**What you will do**
Nothing but the lines from the one containing "Lemma U_gt_setTD n" to the end of the data should be returned, each exactly as written.
++++ Records for processing
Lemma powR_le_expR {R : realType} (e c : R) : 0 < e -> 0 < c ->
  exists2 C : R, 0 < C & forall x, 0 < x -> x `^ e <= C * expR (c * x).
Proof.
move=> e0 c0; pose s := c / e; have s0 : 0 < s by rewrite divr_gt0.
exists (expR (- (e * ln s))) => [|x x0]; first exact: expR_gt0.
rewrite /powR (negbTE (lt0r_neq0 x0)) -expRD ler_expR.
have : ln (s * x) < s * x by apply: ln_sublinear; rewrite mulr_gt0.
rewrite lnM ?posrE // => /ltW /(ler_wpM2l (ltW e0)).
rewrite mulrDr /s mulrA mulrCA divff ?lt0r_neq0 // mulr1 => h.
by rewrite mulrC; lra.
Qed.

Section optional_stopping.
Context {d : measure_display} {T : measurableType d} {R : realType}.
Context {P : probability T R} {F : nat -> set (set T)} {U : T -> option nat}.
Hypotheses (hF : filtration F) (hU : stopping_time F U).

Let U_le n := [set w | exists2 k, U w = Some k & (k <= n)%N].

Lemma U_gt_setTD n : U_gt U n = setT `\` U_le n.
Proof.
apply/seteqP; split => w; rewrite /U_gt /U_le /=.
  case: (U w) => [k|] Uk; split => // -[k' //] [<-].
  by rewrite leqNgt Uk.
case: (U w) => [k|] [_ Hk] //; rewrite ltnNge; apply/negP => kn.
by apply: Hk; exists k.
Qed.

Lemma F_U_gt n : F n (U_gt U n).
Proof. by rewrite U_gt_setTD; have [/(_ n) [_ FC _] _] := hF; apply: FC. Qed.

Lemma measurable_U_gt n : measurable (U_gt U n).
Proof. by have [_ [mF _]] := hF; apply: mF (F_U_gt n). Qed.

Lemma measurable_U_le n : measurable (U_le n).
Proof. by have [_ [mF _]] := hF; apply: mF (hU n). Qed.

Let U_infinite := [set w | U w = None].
++++++++
**Response**
Lemma U_gt_setTD n : U_gt U n = setT `\` U_le n.
Proof.
apply/seteqP; split => w; rewrite /U_gt /U_le /=.
  case: (U w) => [k|] Uk; split => // -[k' //] [<-].
  by rewrite leqNgt Uk.
case: (U w) => [k|] [_ Hk] //; rewrite ltnNge; apply/negP => kn.
by apply: Hk; exists k.
Qed.

Lemma F_U_gt n : F n (U_gt U n).
Proof. by rewrite U_gt_setTD; have [/(_ n) [_ FC _] _] := hF; apply: FC. Qed.

Lemma measurable_U_gt n : measurable (U_gt U n).
Proof. by have [_ [mF _]] := hF; apply: mF (F_U_gt n). Qed.

Lemma measurable_U_le n : measurable (U_le n).
Proof. by have [_ [mF _]] := hF; apply: mF (hU n). Qed.

Let U_infinite := [set w | U w = None].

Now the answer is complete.